Coleg Cymraeg Cenedlaethol
- Type: Public
- Established: March 2011
- Affiliations: University of Wales; AMBA; ACU; Universities UK; HiPACT; SEDA; HEA;
- Vice-Chancellor: Andrew Green (Chair)
- Administrative staff: Dr Ioan Matthews (chief executive); Catherine Rees (company secretary); Dr Dafydd Trystan (registrar and senior academic manager);
- Location: Carmarthen, Wales, United Kingdom
- Website: www.colegcymraeg.ac.uk

= Coleg Cymraeg Cenedlaethol =

Welsh-medium education body

Before deleting any text please note that some of the text contained within this article has been authorised for use on a CC-BY-SA licence. An email has been received by Robin Owain (Wikimedia UK) from Ioan Matthews to that effect.

Coleg Cymraeg Cenedlaethol (Welsh national college); sometimes shortened to just "Coleg") was established in 2011 by the Welsh Government to work with universities in Wales to develop Welsh-language courses and resources for students; it also provides and advances Welsh medium courses, scholarship and research in Welsh universities. Although headquartered in Carmarthen, the Coleg does not have its own campus, but works through a number of branches across universities in Wales. It is a recognised charity. The aim of the branches is to support the Coleg's work and act as a point of contact for students. The Chief Executive is Dr Ioan Matthews and the chair is Andrew Green.

All universities in Wales teach courses in Welsh; Aberystwyth, Cardiff, Bangor and Swansea universities have had chairs in Welsh since their establishment, and all their schools of Welsh are successful centres for the study of the Welsh language and its literature, offering a BA in Welsh as well as post-graduate courses.

Following a commitment made in the One Wales coalition government between Labour and Plaid Cymru, the Coleg Cymraeg Cenedlaethol was established. Since 2011, the Coleg has funded 115 lecturers who teach through the medium of Welsh in subjects ranging from Law, Modern Languages, Social Sciences and also other sciences such as Biosciences. There is also a Welsh-medium academic journal called Gwerddon which is a platform for academic research in Welsh and is published quarterly. The choice of Welsh-medium courses has grown significantly over recent years, There are currently (July 2013) over 500 different degrees available to Welsh-medium students, along with 150 undergraduate scholarships which are awarded to students each year.

This is the first time any organisation has planned Welsh-medium provision nationally for students. By working with all universities in Wales, the Coleg aims to strengthen existing courses and develop new degrees in new locations and disciplines across the country.

In April 2014, Coleg announced that it had appointed Marc Haynes as its Wikipedian in Residence.

==Gwerddon==
Gwerddon is an academic e-journal which publishes scholarly research in the Arts, the Humanities and the Sciences twice a year and which conforms to the guidelines of the 2014 Research Excellence Framework. The journal tries to stimulate and encourage first-class academic discussion across as wide a range of subjects as possible through the medium of Welsh and thereby to create a store of material for the use of research students and academics.

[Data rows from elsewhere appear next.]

(* Let $(X,d)$ be a reflexive Busemann convex geodesic metric space and let $A,B\subseteq X$ be nonempty, closed and convex, with $B$ bounded. Define $$A_0=\{x\in A : d(x,y')=\operatorname{dist}(A,B)\text{ for some } y'\in B\},\qquad B_0=\{y\in B : d(x',y)=\operatorname{dist}(A,B)\text{ for some } x'\in A\}.$$ Then $A_0$ and $B_0$ are closed, convex, bounded and nonempty.
   Context: $\operatorname{dist}(A,B)=\inf\{d(x,y):x\in A,y\in B\}$. A geodesic space is one in which any two points $x,y$ are joined by a geodesic segment (an isometric image of $[0,d(x,y)]$); a subset is convex if it contains every geodesic segment joining any two of its points. A geodesic space is Busemann convex if for any geodesics $c_1:[0,l_1]\to X$, $c_2:[0,l_2]\to X$ one has $d(c_1(tl_1),c_2(tl_2))\le (1-t)d(c_1(0),c_2(0))+t\,d(c_1(l_1),c_2(l_2))$ for all $t\in[0,1]$. A geodesic space $X$ is reflexive if every decreasing chain $\{C_\alpha\}_{\alpha\in I}$ of nonempty closed convex bounded subsets of $X$ has nonempty intersection. *)

From Stdlib Require Import Reals.
From Coquelicot Require Import Coquelicot.
Open Scope R_scope.

Section MetricDefs.
Context {X : Type} (d : X -> X -> R).

Definition metric_axioms : Prop :=
  (forall x y, 0 <= d x y) /\
  (forall x y, d x y = 0 <-> x = y) /\
  (forall x y, d x y = d y x) /\
  (forall x y z, d x z <= d x y + d y z).

(* c : [0,l] -> X is a geodesic (isometric embedding of [0,l]);
   c is given as a total function on R, only its values on [0,l] matter *)
Definition geodesic (c : R -> X) (l : R) : Prop :=
  0 <= l /\ forall s t, 0 <= s <= l -> 0 <= t <= l -> d (c s) (c t) = Rabs (s - t).

Definition geodesic_joining (c : R -> X) (x y : X) : Prop :=
  geodesic c (d x y) /\ c 0 = x /\ c (d x y) = y.

Definition geodesic_space : Prop :=
  forall x y, exists c, geodesic_joining c x y.

Definition mconvex_set (A : X -> Prop) : Prop :=
  forall x y c, A x -> A y -> geodesic_joining c x y ->
    forall t, 0 <= t <= d x y -> A (c t).

Definition busemann_convex : Prop :=
  forall (c1 c2 : R -> X) (l1 l2 : R), geodesic c1 l1 -> geodesic c2 l2 ->
    forall t, 0 <= t <= 1 ->
      d (c1 (t * l1)) (c2 (t * l2)) <= (1 - t) * d (c1 0) (c2 0) + t * d (c1 l1) (c2 l2).

Definition mclosed_set (A : X -> Prop) : Prop :=
  forall x, ~ A x -> exists e, 0 < e /\ forall y, d x y < e -> ~ A y.

Definition mbounded_set (A : X -> Prop) : Prop :=
  exists x0 r, forall x, A x -> d x0 x <= r.

Definition mnonempty_set (A : X -> Prop) : Prop := exists x, A x.

Definition reflexive_space : Prop :=
  forall F : (X -> Prop) -> Prop,
    (exists C, F C) ->
    (forall C1 C2, F C1 -> F C2 ->
       (forall x, C1 x -> C2 x) \/ (forall x, C2 x -> C1 x)) ->
    (forall C, F C -> mnonempty_set C /\ mclosed_set C /\ mconvex_set C /\ mbounded_set C) ->
    exists x, forall C, F C -> C x.

Definition distAB (A B : X -> Prop) : R :=
  real (Glb_Rbar (fun r => exists x y, A x /\ B y /\ r = d x y)).

Definition proxA0 (A B : X -> Prop) : X -> Prop :=
  fun x => A x /\ exists y', B y' /\ d x y' = distAB A B.

Definition proxB0 (A B : X -> Prop) : X -> Prop :=
  fun y => B y /\ exists x', A x' /\ d x' y = distAB A B.

End MetricDefs.

(* Busemann convexity makes the sets { y : d(y, Q) <= r } and closed balls convex.
   Reflexivity, applied to the nested family (S ∩ ball(p, r))_{r > D}, turns
   "points of S at distance <= r from p for every r > D" into a point at distance
   <= D; hence those neighbourhoods of closed convex sets are closed.  Applied
   once more to the nested family (B ∩ { y : d(y, A) <= r })_{r > dist(A,B)},
   which needs B bounded, it yields a proximal pair, so A0 and B0 are nonempty.
   Finally A0 = A ∩ { x : d(x, B) <= dist(A,B) }, and symmetrically for B0. *)

From Stdlib Require Import Reals Lra Psatz Classical.
From Stdlib Require Import FunctionalExtensionality PropExtensionality.
From Coquelicot Require Import Coquelicot.
Open Scope R_scope.

Section ProximalSets.
Context {X : Type} (d : X -> X -> R).
Hypothesis Hm : metric_axioms d.

Lemma dist_ge0 x y : 0 <= d x y. Proof. apply (proj1 Hm). Qed.
Lemma dist_xx x : d x x = 0. Proof. now apply (proj1 (proj2 Hm)). Qed.
Lemma dist_sym x y : d x y = d y x. Proof. apply (proj1 (proj2 (proj2 Hm))). Qed.
Lemma dist_triangle x y z : d x z <= d x y + d y z. Proof. apply (proj2 (proj2 (proj2 Hm))). Qed.

Definition cball (p : X) (r : R) : X -> Prop := fun x => d p x <= r.

Definition closed_nbhd (Q : X -> Prop) (r : R) : X -> Prop :=
  fun x => exists y, Q y /\ d x y <= r.

Definition proximal (P Q : X -> Prop) (D : R) : X -> Prop :=
  fun x => P x /\ exists y, Q y /\ d x y = D.

(* When the infimum is infinite, [real] returns 0, so the bound needs no hypothesis. *)
Lemma distAB_le (A B : X -> Prop) x y : A x -> B y -> distAB d A B <= d x y.
Proof.
  intros Hx Hy. unfold distAB.
  set (E := fun r => exists x y, A x /\ B y /\ r = d x y).
  destruct (Glb_Rbar_correct E) as [Hlb _].
  assert (HE : E (d x y)) by (exists x, y; auto).
  destruct (Glb_Rbar E) as [g| |]; simpl.
  - exact (Hlb _ HE).
  - apply dist_ge0.
  - apply dist_ge0.
Qed.

Lemma distAB_approx (A B : X -> Prop) : mnonempty_set A -> mnonempty_set B ->
  forall e, 0 < e -> exists x y, A x /\ B y /\ d x y < distAB d A B + e.
Proof.
  intros [a Ha] [b Hb]. unfold distAB.
  set (E := fun r => exists x y, A x /\ B y /\ r = d x y).
  destruct (Glb_Rbar_correct E) as [Hlb Hglb].
  assert (HE : E (d a b)) by (exists a, b; auto).
  intros e He. apply NNPP; intro Hfar.
  destruct (Glb_Rbar E) as [g| |]; simpl in *.
  - assert (Hge : is_lb_Rbar E (g + e)).
    { intros r [x [y [Hx [Hy ->]]]]. simpl. apply Rnot_lt_le. intro Hlt.
      apply Hfar. exists x, y; auto. }
    specialize (Hglb _ Hge). simpl in Hglb. lra.
  - exact (Hlb _ HE).
  - apply (Hglb 0). intros r [x [y [_ [_ ->]]]]. apply dist_ge0.
Qed.

Lemma mclosed_setI (P Q : X -> Prop) :
  mclosed_set d P -> mclosed_set d Q -> mclosed_set d (fun x => P x /\ Q x).
Proof.
  intros HP HQ x Hx. destruct (classic (P x)) as [Px|nPx].
  - destruct (HQ x) as [e [He HQe]]; [tauto|].
    exists e. split; [lra|]. intros y Hy [_ Qy]. exact (HQe y Hy Qy).
  - destruct (HP x nPx) as [e [He HPe]].
    exists e. split; [lra|]. intros y Hy [Py _]. exact (HPe y Hy Py).
Qed.

Lemma mconvex_setI (P Q : X -> Prop) :
  mconvex_set d P -> mconvex_set d Q -> mconvex_set d (fun x => P x /\ Q x).
Proof.
  intros HP HQ x y c [Px Qx] [Py Qy] Hc t Ht.
  split; [exact (HP x y c Px Py Hc t Ht) | exact (HQ x y c Qx Qy Hc t Ht)].
Qed.

Lemma mclosed_cball p r : mclosed_set d (cball p r).
Proof.
  intros x Hx. unfold cball in *.
  exists (d p x - r). split; [lra|]. intros y Hy Hpy.
  pose proof (dist_triangle p y x). rewrite (dist_sym y x) in H. lra.
Qed.

Lemma const_geodesic p : geodesic_joining d (fun _ => p) p p.
Proof.
  unfold geodesic_joining, geodesic. rewrite dist_xx.
  split; [split; [lra|] | split; reflexivity].
  intros s t Hs Ht. replace (s - t) with 0 by lra. now rewrite Rabs_R0.
Qed.

Section Busemann.
Hypothesis Hbus : busemann_convex d.

(* The companion of [c1 s] is the point of [c2] at the same proportion of its length. *)
Lemma geodesic_companion_le c1 c2 x1 x2 y1 y2 s r :
  geodesic_joining d c1 x1 x2 -> geodesic_joining d c2 y1 y2 -> 0 <= s <= d x1 x2 ->
  d x1 y1 <= r -> d x2 y2 <= r ->
  exists s', 0 <= s' <= d y1 y2 /\ d (c1 s) (c2 s') <= r.
Proof.
  intros [G1 [c1_0 c1_l]] [G2 [c2_0 c2_l]] Hs H1 H2.
  pose proof (dist_ge0 y1 y2) as Hl2.
  destruct (Req_dec (d x1 x2) 0) as [Hz|Hnz].
  - exists 0. split; [lra|]. replace s with 0 by lra. now rewrite c1_0, c2_0.
  - set (l1 := d x1 x2) in *. set (l2 := d y1 y2) in *.
    assert (Hl1 : 0 < l1) by (pose proof (dist_ge0 x1 x2); fold l1 in H; lra).
    set (t := s / l1).
    assert (Hts : t * l1 = s) by (unfold t; field; lra).
    assert (Ht : 0 <= t <= 1) by (split; nra).
    exists (t * l2). split; [split; nra|].
    pose proof (Hbus c1 c2 l1 l2 G1 G2 t Ht) as HB.
    rewrite Hts, c1_0, c2_0, c1_l, c2_l in HB. nra.
Qed.

Lemma mconvex_cball p r : mconvex_set d (cball p r).
Proof.
  intros x y c Hx Hy Hc s Hs. unfold cball in *.
  rewrite dist_sym in Hx, Hy.
  destruct (geodesic_companion_le c (fun _ => p) x y p p s r Hc (const_geodesic p) Hs Hx Hy)
    as [s' [_ Hd]].
  now rewrite dist_sym.
Qed.

Hypothesis Hgeo : geodesic_space d.

Lemma mconvex_closed_nbhd Q r : mconvex_set d Q -> mconvex_set d (closed_nbhd Q r).
Proof.
  intros HQ x1 x2 c [y1 [Qy1 H1]] [y2 [Qy2 H2]] Hc s Hs.
  destruct (Hgeo y1 y2) as [c' Hc'].
  destruct (geodesic_companion_le c c' x1 x2 y1 y2 s r Hc Hc' Hs H1 H2) as [s' [Hs' Hd]].
  exists (c' s'). split; [exact (HQ y1 y2 c' Qy1 Qy2 Hc' s' Hs') | exact Hd].
Qed.

End Busemann.

Section Reflexive.
Hypothesis Hrefl : reflexive_space d.

Lemma reflexive_nested (C : R -> X -> Prop) D :
  (forall r1 r2 x, r1 <= r2 -> C r1 x -> C r2 x) ->
  (forall r, D < r -> mnonempty_set (C r) /\ mclosed_set d (C r) /\
                      mconvex_set d (C r) /\ mbounded_set d (C r)) ->
  exists x, forall r, D < r -> C r x.
Proof.
  intros Hmono Hprops.
  destruct (Hrefl (fun S => exists r, D < r /\ S = C r)) as [x Hx].
  - exists (C (D + 1)), (D + 1). split; [lra | reflexivity].
  - intros S1 S2 [r1 [_ ->]] [r2 [_ ->]]. destruct (Rle_dec r1 r2).
    + left. intros x. apply Hmono. lra.
    + right. intros x. apply Hmono. lra.
  - intros S [r [Hr ->]]. exact (Hprops r Hr).
  - exists x. intros r Hr. apply Hx. exists r. auto.
Qed.

Hypothesis Hbus : busemann_convex d.

Lemma exists_nearest (S : X -> Prop) p D :
  mclosed_set d S -> mconvex_set d S ->
  (forall r, D < r -> exists y, S y /\ d p y <= r) -> exists y, S y /\ d p y <= D.
Proof.
  intros HSc HSv Happ.
  destruct (reflexive_nested (fun r y => S y /\ cball p r y) D) as [y Hy].
  - intros r1 r2 y Hr [Sy Hpy]. unfold cball in *. split; [exact Sy | lra].
  - intros r Hr. split; [|split; [|split]].
    + exact (Happ r Hr).
    + exact (mclosed_setI S _ HSc (mclosed_cball p r)).
    + exact (mconvex_setI S _ HSv (mconvex_cball Hbus p r)).
    + exists p, r. intros x [_ Hx]. exact Hx.
  - exists y. split; [exact (proj1 (Hy (D + 1) ltac:(lra)))|].
    apply Rnot_lt_le. intro Hlt.
    destruct (Hy ((D + d p y) / 2) ltac:(lra)) as [_ Hpy]. unfold cball in Hpy. lra.
Qed.

Lemma mclosed_closed_nbhd Q r :
  mclosed_set d Q -> mconvex_set d Q -> mclosed_set d (closed_nbhd Q r).
Proof.
  intros HQc HQv x Hx.
  destruct (classic (exists e, 0 < e /\ forall y, Q y -> r + e <= d x y)) as [[e [He Hfar]]|Hnear].
  - exists e. split; [exact He|]. intros x' Hxx' [y [Qy Hy]].
    pose proof (Hfar y Qy). pose proof (dist_triangle x x' y). lra.
  - exfalso. apply Hx. apply (exists_nearest Q x r HQc HQv).
    intros r' Hr'. apply NNPP. intro Hno. apply Hnear.
    exists (r' - r). split; [lra|]. intros y Qy. apply Rnot_lt_le. intro Hlt.
    apply Hno. exists y. split; [exact Qy | lra].
Qed.

Hypothesis Hgeo : geodesic_space d.

Lemma exists_proximal_pair (A B : X -> Prop) :
  mnonempty_set A -> mclosed_set d A -> mconvex_set d A ->
  mnonempty_set B -> mclosed_set d B -> mconvex_set d B -> mbounded_set d B ->
  exists x y, A x /\ B y /\ d x y = distAB d A B.
Proof.
  intros HAn HAc HAv HBn HBc HBv [b0 [rb Hb]].
  set (D := distAB d A B).
  destruct (reflexive_nested (fun r y => B y /\ closed_nbhd A r y) D) as [y Hy].
  - intros r1 r2 y Hr [By [x [Ax Hxy]]]. split; [exact By|]. exists x. split; [exact Ax | lra].
  - intros r Hr. split; [|split; [|split]].
    + destruct (distAB_approx A B HAn HBn (r - D)) as [x [y [Ax [By Hxy]]]]; [lra|].
      exists y. split; [exact By|]. exists x. rewrite dist_sym. split; [exact Ax | fold D in Hxy; lra].
    + exact (mclosed_setI B _ HBc (mclosed_closed_nbhd A r HAc HAv)).
    + exact (mconvex_setI B _ HBv (mconvex_closed_nbhd Hbus Hgeo A r HAv)).
    + exists b0, rb. intros y [By _]. exact (Hb y By).
  - destruct (exists_nearest A y D HAc HAv) as [x [Ax Hyx]].
    + intros r Hr. exact (proj2 (Hy r Hr)).
    + exists x, y. pose proof (proj1 (Hy (D + 1) ltac:(lra))) as By.
      pose proof (distAB_le A B x y Ax By) as Hlb. rewrite dist_sym in Hyx.
      repeat split; [exact Ax | exact By | fold D in Hlb |- *; lra].
Qed.

End Reflexive.

Lemma proximal_eq_closed_nbhd (P Q : X -> Prop) D :
  (forall x y, P x -> Q y -> D <= d x y) ->
  proximal P Q D = fun x => P x /\ closed_nbhd Q D x.
Proof.
  intros Hlb. apply functional_extensionality. intros x.
  apply propositional_extensionality. unfold proximal, closed_nbhd. split.
  - intros [Px [y [Qy Hxy]]]. split; [exact Px|]. exists y. split; [exact Qy | lra].
  - intros [Px [y [Qy Hxy]]]. split; [exact Px|]. exists y. split; [exact Qy|].
    pose proof (Hlb x y Px Qy). lra.
Qed.

Lemma proxB0_proximal (A B : X -> Prop) : proxB0 d A B = proximal B A (distAB d A B).
Proof.
  apply functional_extensionality. intros y.
  apply propositional_extensionality. unfold proxB0, proximal.
  split; intros [By [x [Ax Hxy]]]; split; try exact By; exists x; split; try exact Ax;
    rewrite dist_sym; exact Hxy.
Qed.

Lemma mbounded_proximal (P Q : X -> Prop) D :
  mbounded_set d Q -> mbounded_set d (proximal P Q D).
Proof.
  intros [q [r Hq]]. exists q, (r + D). intros x [_ [y [Qy Hxy]]].
  pose proof (Hq y Qy). pose proof (dist_triangle q y x). rewrite (dist_sym y x) in *. lra.
Qed.

End ProximalSets.

Theorem mainTheorem1 (X : Type) (d : X -> X -> R) (A B : X -> Prop) :
  metric_axioms d -> geodesic_space d -> busemann_convex d -> reflexive_space d ->
  mnonempty_set A -> mclosed_set d A -> mconvex_set d A ->
  mnonempty_set B -> mclosed_set d B -> mconvex_set d B -> mbounded_set d B ->
  (mclosed_set d (proxA0 d A B) /\ mconvex_set d (proxA0 d A B) /\
   mbounded_set d (proxA0 d A B) /\ mnonempty_set (proxA0 d A B)) /\
  (mclosed_set d (proxB0 d A B) /\ mconvex_set d (proxB0 d A B) /\
   mbounded_set d (proxB0 d A B) /\ mnonempty_set (proxB0 d A B)).
Proof.
  intros Hm Hgeo Hbus Hrefl HAn HAc HAv HBn HBc HBv HBb.
  set (D := distAB d A B).
  assert (HlbA : forall x y, A x -> B y -> D <= d x y) by exact (distAB_le d Hm A B).
  assert (HlbB : forall y x, B y -> A x -> D <= d y x).
  { intros y x By Ax. rewrite (dist_sym d Hm). auto. }
  destruct (exists_proximal_pair d Hm Hrefl Hbus Hgeo A B HAn HAc HAv HBn HBc HBv HBb)
    as [x0 [y0 [Ax0 [By0 Hd0]]]].
  change (proxA0 d A B) with (proximal d A B D).
  rewrite (proxB0_proximal d Hm A B). fold D.
  split; [split; [|split; [|split]] | split; [|split; [|split]]].
  - rewrite (proximal_eq_closed_nbhd d A B D HlbA).
    exact (mclosed_setI d A _ HAc (mclosed_closed_nbhd d Hm Hrefl Hbus B D HBc HBv)).
  - rewrite (proximal_eq_closed_nbhd d A B D HlbA).
    exact (mconvex_setI d A _ HAv (mconvex_closed_nbhd d Hm Hbus Hgeo B D HBv)).
  - exact (mbounded_proximal d Hm A B D HBb).
  - exists x0. split; [exact Ax0|]. exists y0. split; [exact By0 | exact Hd0].
  - rewrite (proximal_eq_closed_nbhd d B A D HlbB).
    exact (mclosed_setI d B _ HBc (mclosed_closed_nbhd d Hm Hrefl Hbus A D HAc HAv)).
  - rewrite (proximal_eq_closed_nbhd d B A D HlbB).
    exact (mconvex_setI d B _ HBv (mconvex_closed_nbhd d Hm Hbus Hgeo A D HAv)).
  - destruct HBb as [b [r Hb]]. exists b, r. intros y [By _]. exact (Hb y By).
  - exists y0. split; [exact By0|]. exists x0. split; [exact Ax0|]. rewrite (dist_sym d Hm). exact Hd0.
Qed.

The first edition was published in April 2007, and it has been an extremely important development in terms of ensuring that more and more Welsh medium academic research material is now published. Professor Ioan Williams is the editor of Gwerddon.

==Y Porth==
The Porth learning platform allows universities to share Welsh-medium resources across Wales. Students are able to access a number of new resources, including:
- Open content resources which include a series of subject dictionaries for students
- Courses and modules which are relevant to specific degrees from Education to Biological Sciences
- A web gallery which contains relevant websites of interest to students who are studying subjects through the medium of Welsh
- Videos which provide information about specific areas.

==iTunes U==
This is a special site for Welsh-medium students which offers courses and resources which can be downloaded to iPads, PCs and Mac computers through iTunes.

==Scholarships==
Each year, the Coleg awards around 150 scholarships to undergraduate students who will be following degree courses in universities across Wales of which there are two types of scholarship – Lead Scholarships and Incentive Scholarships. The Lead Scholarships are for students who are studying at least two-thirds of their degree course through the medium of Welsh. These are worth £3,000 over three years (£1,000 a year). Nearly 300 different degree courses now contain enough Welsh-medium provision to be eligible for the Lead Scholarships.

Incentive Scholarships are available to students who intend to study a particular degree course in one of the ten following academic areas: Geography, Biology and Environmental Science, Business and Management, Social Work, Sports sciences and Studies, Law, Health Sciences, Modern Languages, Mathematics, Physics, Psychology and Chemistry. These scholarships offer £500 a year (or £1,500 over three years) for studying at least a third of the degree course through the medium of Welsh.